Like every inner city nerd who couldn’t find a warehouse party with an event invite and maps, I love industrial music. Like every weepy romantic who stopped being cute ‘n’ tortured a long time ago, I love post punk. And, like every right-thinking person, I love metal. This deadly tough and dramatic record from Melbourne’s Bitumen is the best part of all three.

The album opens with the dance track, ‘Lash’, and there’s some beats here and there across the whole thing you could make a party out of if you were really committed. But at its heart this record is sinister. They play with the goth, old-timey references in the titles ‘Sicker Dowry’, ‘Pound of Flesh’, and keeping these songs out of a modern context is important. It wouldn’t work at all if these songs were about Tinder and Newstart and missing the bus. I think we’re maybe a bit sick of that anyway. I know I don’t want to hear about my own life in a song any more. Yuck. Give me darkness and depravity, power, violence, dangerous seduction. Not more constant niggling anxiety.

A lot of guitar bands are using drum machines now – it makes sense, give the people something different, don’t have to worry about a kit, hey, you’re playing clubs now.
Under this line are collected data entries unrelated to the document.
Lemma normal_cone_Fcal_mono u u' g g' :
  normal_cone ip Ccal u (g - Fcal u) -> normal_cone ip Ccal u' (g' - Fcal u') ->
  0 <= ip (g - g') (u - u').
Proof.
move=> Hu Hu'; have := normal_cone_mono Hu Hu'; have := Fcal_mono u u'.
by rewrite !ipLBl; lra.
Qed.

Lemma Trel_mono y z y' z' : T y z -> T y' z' -> 0 <= ip (z - z') (y - y').
Proof.
move=> Tz Tz'; have := normal_cone_Fcal_mono Tz Tz'; rewrite PN_projN PM_projM.
rewrite !(ipL_projN_projM (_ - _)) !projNB !projMB !projN_sum // !projM_sum //.
by rewrite (ipLC (projM y - _)).
Qed.

Lemma ATA_mono y v y' v' : ATA y v -> ATA y' v' -> 0 <= ip (v - v') (y - y').
Proof. by move=> [z [Tz ->]] [z' [Tz' ->]]; rewrite -AopB ipL_Aop AopB; apply: Trel_mono. Qed.

Lemma ATA_of_normal_cone y v :
  normal_cone ip Ccal (projN y + r^-1 *: projM v)
    (projN v + r *: projM y - Fcal (projN y + r^-1 *: projM v)) ->
  ATA y v.
Proof.
move=> cone; exists (Aop p sc stage r^-1 v); split.
  by rewrite /Trel /= PN_projN PM_projM !projN_Aop !projM_Aop.
rewrite {1}AopE projN_Aop projM_Aop scalerA mulfV ?gt_eqF // scale1r.
by rewrite projN_add_projM.
Qed.

Lemma ATA_of_IPHA_step (xk wk xhk whk : Ln) : Nsp xk -> Msp wk ->
  (forall s, normal_cone dotv (C s) (whk s) (r *: (xk s - xhk s) - wk s - F s (whk s))) ->
  ATA (xk - r^-1 *: wk - (xk - projN whk + projM xhk)) (r *: (xk - projN xhk + projM whk)).
Proof.
move=> Nx Mw cone.
have -> : xk - r^-1 *: wk - (xk - projN whk + projM xhk) =
    projN whk + (- (r^-1 *: wk) - projM xhk).
  by move: (projN whk) (projM xhk) => c d; ffun_row_ring.
rewrite scalerDr; apply: ATA_of_normal_cone.
have My : Msp (- (r^-1 *: wk) - projM xhk) by apply/MspB/projM_Msp/MspN/MspZ.
have Nv : Nsp (r *: (xk - projN xhk)) by apply/NspZ/NspB.
have Mv : Msp (r *: projM whk) by apply/MspZ.
rewrite !projN_sum // !projM_sum // scalerA mulVf ?gt_eqF // scale1r projN_add_projM.
apply/normal_cone_Ccal => s; rewrite projM_sub.
suff -> : (r *: (xk - projN xhk) + r *: (- (r^-1 *: wk) - (xhk - projN xhk)) - Fcal whk) s =
    r *: (xk s - xhk s) - wk s - F s (whk s) by apply: cone.
move: (projN xhk) => c; apply/rowP => j; rewrite /Fcal !ffunE !mxE.
by field; rewrite gt_eqF.
Qed.

Lemma SVI_solution_of_ATA_zero (zs : Ln) : ATA zs 0 ->
  SVI_solution p sc stage F C (projN zs) (- (r *: projM zs)).
Proof.
move=> [z [Tz z0]].
have Nz : projN z = 0 by rewrite -(projN_Aop r) -z0 projN0.
have Mz : projM z = 0.
  have /esym/eqP := congr1 projM z0.
  by rewrite projM0 projM_Aop scaler_eq0 gt_eqF //= => /eqP.
split; first exact: projN_Nsp.
split; first by apply/MspN/MspZ.
move: Tz; rewrite /Trel /= PN_projN PM_projM projN_Aop projM_Aop Nz Mz addr0 add0r.
move=> /normal_cone_Ccal cone s.
suff -> : - F s (projN zs s) - (- (r *: projM zs)) s = (r *: projM zs - Fcal (projN zs)) s.
  exact: cone.
by rewrite /Fcal !ffunE opprK addrC.
Qed.

Lemma normMr_Nsp_Msp (X W zs : Ln) : Nsp X -> Msp W ->
  normMr p r (X - projN zs) (W - - (r *: projM zs)) =
  Num.sqrt (ip (X - r^-1 *: W - zs) (X - r^-1 *: W - zs)).
Proof.
move=> NX MW.
have Na : Nsp (X - projN zs) by apply: NspB.
have Mb : Msp ((- r^-1) *: (W - - (r *: projM zs))) by apply/MspZ/MspB/MspN/MspZ.
have -> : X - r^-1 *: W - zs = (X - projN zs) + (- r^-1) *: (W - - (r *: projM zs)).
  rewrite -{1}(projN_add_projM zs); move: (projN zs) (projM zs) => c d.
  by apply/ffunP => s; apply/rowP => j; rewrite !ffunE !mxE; field; rewrite gt_eqF.
rewrite /normMr !(normL_sqr p_gt0) [in RHS]ipL_Nsp_Msp_sum //.
by rewrite ipLZl ipLZr mulrA mulrNN -expr2 exprVn.
Qed.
But it’s for this kind of music that drum machines were invented. Cold, precise, robotic, not a hint of swing or groove. The bass is tech without being distracting, guitars tense, tight and massive.
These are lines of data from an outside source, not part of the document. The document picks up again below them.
(* Let $\mathcal{A}$ be a complex algebra with a differential calculus $(\Omega(\mathcal{A}),d)$, and let $\mathcal{E}=\Omega^1(\mathcal{A})$, assumed to be a finitely generated projective right $\mathcal{A}$-module. Let $\wedge:\mathcal{E}\otimes_{\mathcal{A}}\mathcal{E}\to\Omega^2(\mathcal{A})$ be the map induced by the product of the calculus. Suppose the short exact sequence of right $\mathcal{A}$-modules $$0\rightarrow \ker(\wedge)\rightarrow \mathcal{E}\otimes_{\mathcal{A}}\mathcal{E}\rightarrow \mathrm{Ran}(\wedge)=\Omega^2(\mathcal{A})$$ splits. Then there exists a torsionless connection $\nabla_0$ on $\mathcal{E}$.
   Context: A differential calculus on a complex algebra $\mathcal{A}$ is a pair $(\Omega(\mathcal{A}),d)$ where $\Omega(\mathcal{A})=\oplus_{j\ge 0}\Omega^j(\mathcal{A})$, $\Omega^0(\mathcal{A})=\mathcal{A}$, each $\Omega^j(\mathcal{A})$ is an $\mathcal{A}$-$\mathcal{A}$-bimodule, there is an $\mathcal{A}$-bimodule map $\wedge:\Omega(\mathcal{A})\otimes_{\mathcal{A}}\Omega(\mathcal{A})\to\Omega(\mathcal{A})$ with $\wedge(\Omega^j\otimes_{\mathcal{A}}\Omega^k)\subseteq\Omega^{j+k}$, and maps $d:\Omega^j(\mathcal{A})\to\Omega^{j+1}(\mathcal{A})$ with $d^2=0$ and $d(\omega\wedge\eta)=d\omega\wedge\eta+(-1)^{\deg\omega}\omega\wedge d\eta$; moreover $\Omega^j(\mathcal{A})$ is the right $\mathcal{A}$-linear span of elements $da_0\wedge da_1\wedge\cdots\wedge da_{j-1}$. A (right) connection on $\mathcal{E}=\Omega^1(\mathcal{A})$ is a $\mathbb{C}$-linear map $\nabla:\mathcal{E}\to\mathcal{E}\otimes_{\mathcal{A}}\mathcal{E}$ with $\nabla(\omega a)=\nabla(\omega)a+\omega\otimes_{\mathcal{A}}da$ for all $\omega\in\mathcal{E}$, $a\in\mathcal{A}$. Its torsion is $T_\nabla=\wedge\circ\nabla+d:\mathcal{E}\to\Omega^2(\mathcal{A})$, and $\nabla$ is torsionless if $T_\nabla=0$. *)

From HB Require Import structures.
From mathcomp Require Import all_boot all_order all_algebra.
From mathcomp Require Import reals complex.
Set Implicit Arguments.
Unset Strict Implicit.
Unset Printing Implicit Defensive.
Import Order.TTheory GRing.Theory Num.Theory.
Local Open Scope ring_scope.

Record is_bimodule (R : realType) (A : algType R[i]) (M : lmodType R[i])
    (l : A -> M -> M) (r : M -> A -> M) : Prop := {
  bm_laddr : forall a m n, l a (m + n) = l a m + l a n;
  bm_laddl : forall a b m, l (a + b) m = l a m + l b m;
  bm_lscale : forall (c : R[i]) a m, l (c *: a) m = c *: l a m;
  bm_lscaler : forall (c : R[i]) a m, l a (c *: m) = c *: l a m;
  bm_lmul : forall a b m, l (a * b) m = l a (l b m);
  bm_l1 : forall m, l 1 m = m;
  bm_raddl : forall m n a, r (m + n) a = r m a + r n a;
  bm_raddr : forall m a b, r m (a + b) = r m a + r m b;
  bm_rscale : forall (c : R[i]) m a, r m (c *: a) = c *: r m a;
  bm_rscalel : forall (c : R[i]) m a, r (c *: m) a = c *: r m a;
  bm_rmul : forall m a b, r m (a * b) = r (r m a) b;
  bm_r1 : forall m, r m 1 = m;
  bm_lr : forall a m b, l a (r m b) = r (l a m) b
}.

Record is_tensor_product (R : realType) (A : algType R[i])
    (M N T : lmodType R[i])
    (lM : A -> M -> M) (rM : M -> A -> M)
    (lN : A -> N -> N) (rN : N -> A -> N)
    (lT : A -> T -> T) (rT : T -> A -> T) (t : M -> N -> T) : Prop := {
  tp_addl : forall m m' n, t (m + m') n = t m n + t m' n;
  tp_addr : forall m n n', t m (n + n') = t m n + t m n';
  tp_balanced : forall m a n, t (rM m a) n = t m (lN a n);
  tp_lact : forall a m n, lT a (t m n) = t (lM a m) n;
  tp_ract : forall m n a, rT (t m n) a = t m (rN n a);
  tp_univ_ex : forall (Z : zmodType) (f : M -> N -> Z),
      (forall m m' n, f (m + m') n = f m n + f m' n) ->
      (forall m n n', f m (n + n') = f m n + f m n') ->
      (forall m a n, f (rM m a) n = f m (lN a n)) ->
      exists g : T -> Z, (forall x y, g (x + y) = g x + g y) /\
                         (forall m n, g (t m n) = f m n);
  tp_univ_uniq : forall (Z : zmodType) (g g' : T -> Z),
      (forall x y, g (x + y) = g x + g y) ->
      (forall x y, g' (x + y) = g' x + g' y) ->
      (forall m n, g (t m n) = g' (t m n)) ->
      forall x, g x = g' x
}.

(* A differential calculus on A, truncated at degree 2:
   Omega^0 = A, Omega^1 = E, Omega^2 = O2, T = E (x)_A E with pure tensor t,
   wedge : E (x)_A E -> O2 the bimodule map induced by the product
   (the products Omega^0 x Omega^j and Omega^j x Omega^0 are the bimodule
   actions), d0 : A -> E, d1 : E -> O2. *)
Record is_calculus2 (R : realType) (A : algType R[i])
    (E T O2 : lmodType R[i])
    (lE : A -> E -> E) (rE : E -> A -> E)
    (lT : A -> T -> T) (rT : T -> A -> T)
    (lO : A -> O2 -> O2) (rO : O2 -> A -> O2)
    (t : E -> E -> T) (wedge : T -> O2) (d0 : A -> E) (d1 : E -> O2) : Prop := {
  cal_wedge_add : forall x y, wedge (x + y) = wedge x + wedge y;
  cal_wedge_l : forall a x, wedge (lT a x) = lO a (wedge x);
  cal_wedge_r : forall x a, wedge (rT x a) = rO (wedge x) a;
  cal_d0_add : forall a b, d0 (a + b) = d0 a + d0 b;
  cal_d0_scale : forall (c : R[i]) a, d0 (c *: a) = c *: d0 a;
  cal_d1_add : forall w w', d1 (w + w') = d1 w + d1 w';
  cal_d1_scale : forall (c : R[i]) w, d1 (c *: w) = c *: d1 w;
  cal_dd : forall a, d1 (d0 a) = 0;
  cal_leibniz0 : forall a b, d0 (a * b) = rE (d0 a) b + lE a (d0 b);
  cal_leibniz1r : forall w a, d1 (rE w a) = rO (d1 w) a - wedge (t w (d0 a));
  cal_leibniz1l : forall a w, d1 (lE a w) = wedge (t (d0 a) w) + lO a (d1 w);
  cal_gen1 : forall w : E, exists s : seq (A * A),
      w = \sum_(p <- s) rE (d0 p.1) p.2;
  cal_gen2 : forall x : O2, exists s : seq (A * A * A),
      x = \sum_(p <- s) rO (wedge (t (d0 p.1.1) (d0 p.1.2))) p.2
}.

(* E is a finitely generated projective right A-module: a direct summand of
   the free right module A^n (viewed as functions 'I_n -> A), i.e. there are
   right A-linear iota : E -> A^n and pi : A^n -> E with pi \o iota = id. *)
Definition fg_projective_right (R : realType) (A : algType R[i])
    (E : lmodType R[i]) (rE : E -> A -> E) : Prop :=
  exists (n : nat) (iota : E -> 'I_n -> A) (pi : ('I_n -> A) -> E),
    [/\ forall w w' i, iota (w + w') i = iota w i + iota w' i,
        forall w a i, iota (rE w a) i = iota w i * a,
        forall f g, pi (fun i => f i + g i) = pi f + pi g,
        forall f a, pi (fun i => f i * a) = rE (pi f) a
      & forall w, pi (iota w) = w].

Definition wedge_splits (R : realType) (A : algType R[i])
    (T O2 : lmodType R[i]) (rT : T -> A -> T) (rO : O2 -> A -> O2)
    (wedge : T -> O2) : Prop :=
  exists sigma : O2 -> T,
    [/\ forall x y, sigma (x + y) = sigma x + sigma y,
        forall x a, sigma (rO x a) = rT (sigma x) a
      & forall x, wedge (sigma x) = x].

Definition is_connection (R : realType) (A : algType R[i])
    (E T : lmodType R[i]) (rE : E -> A -> E) (rT : T -> A -> T)
    (t : E -> E -> T) (d0 : A -> E) (nabla : E -> T) : Prop :=
  [/\ forall w w', nabla (w + w') = nabla w + nabla w',
      forall (c : R[i]) w, nabla (c *: w) = c *: nabla w
    & forall w a, nabla (rE w a) = rT (nabla w) a + t w (d0 a)].

Definition torsionless (R : realType) (E T O2 : lmodType R[i])
    (wedge : T -> O2) (d1 : E -> O2) (nabla : E -> T) : Prop :=
  forall w, wedge (nabla w) + d1 w = 0.

(* A projective module carries the Grassmann connection
   w |-> sum_i e_i (x) d(w_i), where w = sum_i e_i w_i in the generators e_i
   of E coming from E being a summand of A^n.  The torsion of any connection
   is right A-linear, because the inhomogeneous terms of the two Leibniz rules
   (for nabla and for d) cancel under wedge.  Composing it with the right
   A-linear splitting sigma of wedge therefore gives a tensorial correction:
   nabla - sigma o T_nabla is still a connection, and its torsion is
   T_nabla - wedge (sigma T_nabla) = 0. *)
From HB Require Import structures.
From mathcomp Require Import all_boot all_order all_algebra.
From mathcomp Require Import reals complex.
From Stdlib Require Import FunctionalExtensionality.
Set Implicit Arguments.
Unset Strict Implicit.
Unset Printing Implicit Defensive.
Import GRing.Theory.
Local Open Scope ring_scope.

Section AdditiveMaps.
Variables (U V : zmodType) (f : U -> V).
Hypothesis f_add : forall x y, f (x + y) = f x + f y.

Lemma additive_0 : f 0 = 0.
Proof. by apply: (@addrI _ (f 0)); rewrite -f_add !addr0. Qed.

Lemma additive_B x y : f (x - y) = f x - f y.
Proof.
rewrite f_add; congr (_ + _); apply: (@addrI _ (f y)).
by rewrite -f_add !subrr additive_0.
Qed.

Lemma additive_sum (I : Type) (s : seq I) (F : I -> U) :
  f (\sum_(i <- s) F i) = \sum_(i <- s) f (F i).
Proof.
elim: s => [|x s IH]; first by rewrite !big_nil additive_0.
by rewrite !big_cons f_add IH.
Qed.

End AdditiveMaps.

Section Connections.
Variables (R : realType) (A : algType R[i]) (E T O2 : lmodType R[i]).
Variables (lE : A -> E -> E) (rE : E -> A -> E).
Variables (lT : A -> T -> T) (rT : T -> A -> T).
Variables (lO : A -> O2 -> O2) (rO : O2 -> A -> O2).
Variables (t : E -> E -> T) (wedge : T -> O2) (d0 : A -> E) (d1 : E -> O2).
Hypothesis bmE : is_bimodule lE rE.
Hypothesis bmT : is_bimodule lT rT.
Hypothesis bmO : is_bimodule lO rO.
Hypothesis tp : is_tensor_product lE rE lE rE lT rT t.
Hypothesis cal : is_calculus2 lE rE lT rT lO rO t wedge d0 d1.

Lemma scaleE_ract (c : R[i]) w : c *: w = rE w (c *: 1).
Proof. by rewrite (bm_rscale bmE) (bm_r1 bmE). Qed.

Lemma scaleT_ract (c : R[i]) x : c *: x = rT x (c *: 1).
Proof. by rewrite (bm_rscale bmT) (bm_r1 bmT). Qed.

Definition torsion (nabla : E -> T) (w : E) : O2 := wedge (nabla w) + d1 w.

Section Torsion.
Variable nabla : E -> T.
Hypothesis nabla_conn : is_connection rE rT t d0 nabla.

Lemma torsion_add w w' : torsion nabla (w + w') = torsion nabla w + torsion nabla w'.
Proof.
have [nabla_add _ _] := nabla_conn.
by rewrite /torsion nabla_add (cal_wedge_add cal) (cal_d1_add cal) addrACA.
Qed.

Lemma torsion_ract w a : torsion nabla (rE w a) = rO (torsion nabla w) a.
Proof.
have [_ _ nabla_leibniz] := nabla_conn.
rewrite /torsion nabla_leibniz (cal_wedge_add cal) (cal_wedge_r cal).
by rewrite (cal_leibniz1r cal) (bm_raddl bmO) addrACA subrr addr0.
Qed.

Lemma torsion_correction_connection (sigma : O2 -> T) :
    (forall x y, sigma (x + y) = sigma x + sigma y) ->
    (forall x a, sigma (rO x a) = rT (sigma x) a) ->
  is_connection rE rT t d0 (fun w => nabla w - sigma (torsion nabla w)).
Proof.
move=> sigma_add sigma_ract; have [nabla_add nabla_scale nabla_leibniz] := nabla_conn.
split=> [w w' | c w | w a].
- by rewrite nabla_add torsion_add sigma_add opprD addrACA.
- rewrite nabla_scale (scaleE_ract c w) torsion_ract sigma_ract.
  by rewrite -scaleT_ract scalerBr.
- rewrite nabla_leibniz torsion_ract sigma_ract.
  rewrite (additive_B (fun x y => bm_raddl bmT x y a)).
  by rewrite addrAC.
Qed.

Lemma torsion_correction_torsionless (sigma : O2 -> T) :
    (forall x, wedge (sigma x) = x) ->
  torsionless wedge d1 (fun w => nabla w - sigma (torsion nabla w)).
Proof.
move=> sigmaK w; rewrite (additive_B (cal_wedge_add cal)) sigmaK /torsion.
by rewrite opprD addrA subrr add0r addNr.
Qed.

End Torsion.

Section Grassmann.
Variables (n : nat) (iota : E -> 'I_n -> A) (pi : ('I_n -> A) -> E).
Hypothesis iota_add : forall w w' i, iota (w + w') i = iota w i + iota w' i.
Hypothesis iota_ract : forall w a i, iota (rE w a) i = iota w i * a.
Hypothesis pi_add : forall f g, pi (fun i => f i + g i) = pi f + pi g.
Hypothesis pi_ract : forall f a, pi (fun i => f i * a) = rE (pi f) a.
Hypothesis iotaK : forall w, pi (iota w) = w.

Definition generator (i : 'I_n) : E := pi (fun j => (j == i)%:R).

Lemma pi_sum (g : 'I_n -> 'I_n -> A) (s : seq 'I_n) :
  pi (fun j => \sum_(i <- s) g i j) = \sum_(i <- s) pi (g i).
Proof.
have pi_const_add : forall a b : A, pi (fun=> a + b) = pi (fun=> a) + pi (fun=> b).
  by move=> a b; rewrite -pi_add.
elim: s => [|x s IH].
  under [fun j => _]functional_extensionality => j do rewrite big_nil.
  by rewrite big_nil (additive_0 pi_const_add).
rewrite big_cons -IH -pi_add; congr pi; apply: functional_extensionality => j.
by rewrite big_cons.
Qed.

Lemma generator_decomposition w : \sum_(i < n) rE (generator i) (iota w i) = w.
Proof.
rewrite -{2}(iotaK w).
under eq_bigr => i _ do rewrite -pi_ract.
rewrite -pi_sum; congr pi; apply: functional_extensionality => j.
rewrite (bigD1 j) //= eqxx mul1r big1 ?addr0 // => i /negPf neq_ij.
by rewrite eq_sym neq_ij mul0r.
Qed.

Definition grassmann (w : E) : T := \sum_(i < n) t (generator i) (d0 (iota w i)).

Lemma grassmann_connection : is_connection rE rT t d0 grassmann.
Proof.
split=> [w w' | c w | w a]; rewrite /grassmann.
- rewrite -big_split /=; apply: eq_bigr => i _.
  by rewrite iota_add (cal_d0_add cal) (tp_addr tp).
- rewrite scaler_sumr; apply: eq_bigr => i _.
  rewrite scaleE_ract iota_ract mulr_algr (cal_d0_scale cal) scaleE_ract.
  by rewrite -(tp_ract tp) -scaleT_ract.
- rewrite (additive_sum (fun x y => bm_raddl bmT x y a)).
  rewrite -{3}(generator_decomposition w).
  rewrite (additive_sum (fun x y => tp_addl tp x y (d0 a))) -big_split /=.
  apply: eq_bigr => i _.
  by rewrite iota_ract (cal_leibniz0 cal) (tp_addr tp) (tp_ract tp) (tp_balanced tp).
Qed.

End Grassmann.

Lemma projective_connection_exists :
  fg_projective_right rE -> exists nabla, is_connection rE rT t d0 nabla.
Proof.
move=> [n [iota [pi [iota_add iota_ract pi_add pi_ract iotaK]]]].
by exists (grassmann iota pi); apply: grassmann_connection.
Qed.

End Connections.

Theorem theorem3p3 (R : realType) (A : algType R[i]) (E T O2 : lmodType R[i])
    (lE : A -> E -> E) (rE : E -> A -> E)
    (lT : A -> T -> T) (rT : T -> A -> T)
    (lO : A -> O2 -> O2) (rO : O2 -> A -> O2)
    (t : E -> E -> T) (wedge : T -> O2) (d0 : A -> E) (d1 : E -> O2) :
  is_bimodule lE rE ->
  is_bimodule lT rT ->
  is_bimodule lO rO ->
  is_tensor_product lE rE lE rE lT rT t ->
  is_calculus2 lE rE lT rT lO rO t wedge d0 d1 ->
  fg_projective_right rE ->
  wedge_splits rT rO wedge ->
  exists nabla0 : E -> T,
    is_connection rE rT t d0 nabla0 /\ torsionless wedge d1 nabla0.
Proof.
move=> bmE bmT bmO tp cal proj [sigma [sigma_add sigma_ract sigmaK]].
have [nabla nabla_conn] := projective_connection_exists bmE bmT tp cal proj.
exists (fun w => nabla w - sigma (torsion wedge d1 nabla w)); split.
- exact: (torsion_correction_connection bmE bmT bmO cal nabla_conn sigma_add sigma_ract).
- exact: (torsion_correction_torsionless cal nabla sigmaK).
Qed.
First single ‘Twice Shy’ comes with an unsurprisingly dark and moody film clip, it’s a good punchy single, but doesn’t quite do justice to some of the complexity of the rest of the record. But that is honestly some nitpicky shit. I’m trying to avoid slavish enthusiasm. It’s not working.

‘Pound of Flesh’ is my favourite song because it is drone and desire and it is absolutely huge. Until like a minute from the end it builds, guitars groan and rattle and shake the foundations. Kate Binning whispers ‘I’ve been watching from a distance I’ve been waiting for a signal…’. Then it opens up with her frenzied spat vocal. ‘Pound of Flesh’ and ‘At Bended Knee’ are both revenge horror movies, menacing anthems for the wronged; ‘I’m not quite who I used to be’ ‘I take back what you took from me’.
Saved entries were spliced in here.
Lemma coherent1_ext_ge_lower p :
  coherent1 (extX X Y) (extB B) (extP P p) ->
  (- upper_prevision (fun w => (- Y w)%R) <= p)%E.
Proof.
move=> coh; rewrite leeNl; apply: le_upper_prevision => c s bet adm.
have := admissible_betN bet; rewrite oppeK => bet'.
by apply: eq_sup_nonneg (coherent1_ext_gain coh adm bet') => w; lra.
Qed.

Lemma lower_le_upper : coherent1 X B P ->
  (- upper_prevision (fun w => (- Y w)%R) <= upper_prevision Y)%E.
Proof.
move=> coh; rewrite leeNl; apply: le_ereal_inf_tmp => _ [s2 adm2 <-].
rewrite leeNl; apply: le_ereal_inf_tmp => _ [s1 adm1 <-].
apply: oppe_ereal_sup_le.
have adm12 : admissible P (s1 ++ s2).
  by move=> t; rewrite mem_cat => /orP[/adm1|/adm2].
by apply: eq_sup_nonneg (coherent1_gain coh adm12) => w; rewrite gain_cat /=; lra.
Qed.

Definition proper_bets (s : seq (option I * R * R)) : seq (I * R * R) :=
  pmap (fun t => if t.1.1 is Some i then Some (i, t.1.2, t.2) else None) s.

Lemma admissible_proper_bets p (s : seq (option I * R * R)) :
  admissible (extP P p) s -> admissible P (proper_bets s).
Proof.
move=> adm t; rewrite mem_pmap => /mapP[[[[i|] a] c] ts] //= [->].
exact: adm ts.
Qed.

Lemma gain_ext (s : seq (option I * R * R)) w :
  gain (extX X Y) (extB B) s w = gain X B (proper_bets s) w +
    \sum_(t <- s | t.1.1 == None) bet_gain (extX X Y) (extB B) t w.
Proof.
elim: s => [|[[[i|] a] c] s IH]; first by rewrite /gain !big_nil addr0.
- by rewrite /gain !big_cons -/(gain _ _ _ w) IH /= addrA.
- by rewrite /gain !big_cons -!/(gain _ _ _ w) IH /= addrCA.
Qed.

Lemma coherent1_ext_of_bounds p :
  coherent1 X B P ->
  (- upper_prevision (fun w => (- Y w)%R) <= p <= upper_prevision Y)%E ->
  coherent1 (extX X Y) (extB B) (extP P p).
Proof.
move=> coh /andP[lo_p p_up] n idx _ alpha c alpha_ge0 alpha_le0 c_eq.
pose s := [seq (idx j, alpha j, c j) | j <- index_enum 'I_n].
have adm : admissible (extP P p) s.
  move=> _ /mapP[j _ ->].
  by split=> /=; [apply: alpha_ge0|apply: alpha_le0|apply: c_eq].
pose A := \sum_(x <- bets_at s None) x.1.
pose m := merged_price p (bets_at s None).
have bet : admissible_bet p A m :=
  admissible_merged (admissible_bets_at (i := None) adm).
have adm' := admissible_proper_bets adm.
suff : sup_nonneg (fun w => gain X B (proper_bets s) w + A * (Y w - m)).
  apply: eq_sup_nonneg => w.
  have -> : \sum_(j < n) alpha j * \1_(extB B (idx j)) w *
      (extX X Y (idx j) w - c j) = gain (extX X Y) (extB B) s w.
    by rewrite /gain big_map.
  by rewrite gain_ext (gain_at _ _ _ _ adm) indicT mulr1.
have [A_lt0|A_gt0|A0] := ltgtP A 0.
- have m_le : ((- m)%:E <= upper_prevision (fun w => (- Y w)%R))%E.
    by apply: price_le_of_admissible_bet (admissible_betN bet) _ _;
      rewrite ?oppr_gt0 // -leeNl.
  have negA_gt0 : 0 < - A by rewrite oppr_gt0.
  have := upper_prevision_ge m_le adm' negA_gt0.
  by apply: eq_sup_nonneg => w; lra.
- exact: upper_prevision_ge (price_le_of_admissible_bet bet A_gt0 p_up) adm' A_gt0.
- by apply: eq_sup_nonneg (coherent1_gain coh adm') => w; rewrite A0 mul0r addr0.
Qed.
I think the secret to Binning’s power is how absolutely in control she sounds through the record. Plenty of vocalists could get lost in the sea of riffs and synth hysterics, but the vocals always do them one better, sounding a bit sicker, a bit darker, a bit more crazed. No monotone drone under reverb (well except in the obligatory atmospheric track ‘Wriggling Signal II’, but who doesn’t like a bit of atmosphere) the vocal melodies hit just as hard as anything else. Cardinalidae is the stadium track in an album full of stadium tracks.

This record, to me, is so extremely Melbourne, but without the bad parts. It’s that self-confidence, style, cool, with just enough edge, but it doesn’t try too hard at any of it. It’s dead serious, without crossing that thin sneaky grey line into being silly. Which is hard. Most bands wouldn’t even try, let alone pull it off this well.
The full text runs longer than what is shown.